Ascending broad gully to saddle

We cached our snowshoes and poles by a large flat rock at the base of the gully, broke out the crampons and ice axes, and headed straight up the gully, reaching the saddle just before 8am. Upon reaching the saddle, we turned north and began climbing the steeper, narrower gully leading toward the summit.
Narrow gully toward the summit from saddle

Seeing a set of tracks exiting the gully less than a quarter of the way up, we contemplated following, but instead elected to continue upward. It was easy climbing on good snow all the way to the notch at the top of the gully, but it was here that we encountered our first challenge. Image
View down narrow gully from notch

As we neared the notch, there was no obvious exit given the heavy snow along the western edge of the gully. The only option seemed to be a 10-15 foot rock and snow climb directly up from the top of the notch.
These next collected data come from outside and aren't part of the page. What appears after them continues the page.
Lemma dX_word_path_ge s t : 0 <= s <= INR (size w) -> 0 <= t <= INR (size w) ->
  Rabs (s - t) <= dX (path s) (path t).
Proof.
move=> Hs Ht.
have [i [Hi [Hsi Es]]] := word_path_on_edge l0 x w_neq0 Hs.
have [j [Hj [Htj Et]]] := word_path_on_edge l0 x w_neq0 Ht.
case: (dX_attained pi (path s) (path t)); rewrite Es Et.
  move=> [e1 [e2 [H1 [H2 ->]]]].
  have [a [Ha ->]] := ends_edge_point_prefix Hi Hsi H1.
  have [b [Hb ->]] := ends_edge_point_prefix Hj Htj H2.
  have Ia : (a <= size w)%nat by case: Ha => ->; lia.
  have Ib : (b <= size w)%nat by case: Hb => ->; lia.
  by rewrite /dist_via /= (dG_prefixes x geo Ia Ib); split_Rabs; lra.
move=> [z [c [u [u' [Ez [Ez' ->]]]]]].
exact: same_edge_word_path Hi Hj Hsi Htj Ez Ez'.
Qed.

Lemma dX_word_path_le_sub s t : 0 <= s -> s <= t -> t <= INR (size w) ->
  dX (path s) (path t) <= t - s.
Proof.
move=> Hs0 Hst Htn.
have [i [Hi [Hsi Es]]] := word_path_on_edge l0 x w_neq0 (conj Hs0 (Rle_trans _ _ _ Hst Htn)).
have [j [Hj [Htj Et]]] := word_path_on_edge l0 x w_neq0 (conj (Rle_trans _ _ _ Hs0 Hst) Htn).
case: (Req_dec s t) => [<-|Hne]; first by rewrite (dXpp gen); lra.
have ij : (i <= j)%nat by rewrite -ltnS; apply/ltP/INR_lt; rewrite S_INR; lra.
rewrite Es Et; move: ij; rewrite leq_eqVlt => /orP [/eqP eqij|ltij].
  subst j; rewrite /edge_point; case: (nth l0 w i) => a [] /=;
  apply: Rle_trans (dX_le_same_edge pi _ _ _ _) _;
  by rewrite !clamp01_id; try lra; split_Rabs; lra.
have Hsi' : 0 <= t - INR j <= 1 by lra.
apply: Rle_trans (dX_le_via (edge_point_In_next Hi Hsi) (edge_point_In_start _ _ Hsi')) _.
rewrite /dist_via /= (dG_prefixes x geo Hi (ltnW Hj)) S_INR.
have /le_INR : (i.+1 <= j)%coq_nat by apply/leP.
by rewrite S_INR => Hij; split_Rabs; lra.
Qed.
This proved to be somewhat challenging in crampons and I moved very cautiously due to the fair amount of exposure. After reaching the top of this section, we could then see the summit only about 100-150 feet away.
Final approach to summit

We made our way along the ridge leading to the summit and reached it at about 8:40AM. The views of the the San Juans were spectacular, as was the view of the Western Slope to the north.
View north from summit

Reaching the summit was very satisfying and I was glad to have been able to do it as a snow climb.
On the summit

We did not descend the same way we had come up, for down-climbing the section at the top of the notch was not very appealing. We instead descended the southern face parallel to the upper gully and then traversed into the gully at the same point we had thought about exiting it earlier. Once back to the saddle, we chose to glissade most of the lower gully and we soon got back to where we had cached our gear. By this time (9:45AM), the snow was getting quite soft. We headed back down the increasingly warm basin the same way we had come up, reaching the car at 11AM.

Apart from a few windy areas, the day could not have been better. We were not the only ones who got to enjoy the day on the great mountain. We saw at least 12 other climbers on the mountain, most of whom were planning a ski/board descent. It maybe a few weeks before the restroom parking area is plowed and perhaps more than a month before the upper trailhead road is plowed, but the mountain is definitely accessible.

Here's a rough rendering of the route:
Rough rendering of route

Extra Pics:
Potosi and Stoney

Gilpin Peak

Gilpin Peak and Telluride

Yankee Boy Basin

Lower south face of Sneffels

SW ridge of Sneffels and slide

Thumbnails for uploaded photos (click to open slideshow):

 Comments or Questions

Thanks for the report
05/30/2011 20:36
Do you have any pics of that alternate descent route parallel to the gully? What level of difficulty was it? I was hoping of doing the lavender col in about 8 days so if the snow is near the same level, any more info on that detour would be much appreciated.


RE: Thanks for the report
05/30/2011 20:49
I didn't take any pics of the alternate route. Sorry. It wasn't particularly difficult. It was slightly steeper than the gully but the snow was very good. You should see the path pretty clearly as there was a good indentation in the snow


RE: Nice
05/31/2011 00:08
I added 6 more pics. Hope they help.


05/31/2011 02:33
Great pics. I am headed up there soon so this is very helpful!


great pics
06/01/2011 15:55
great report too. Looks fantastic down there.


Fun climb
06/01/2011 19:02
Great climb, James! We had excellent conditions (except for the wind, but that was bearable).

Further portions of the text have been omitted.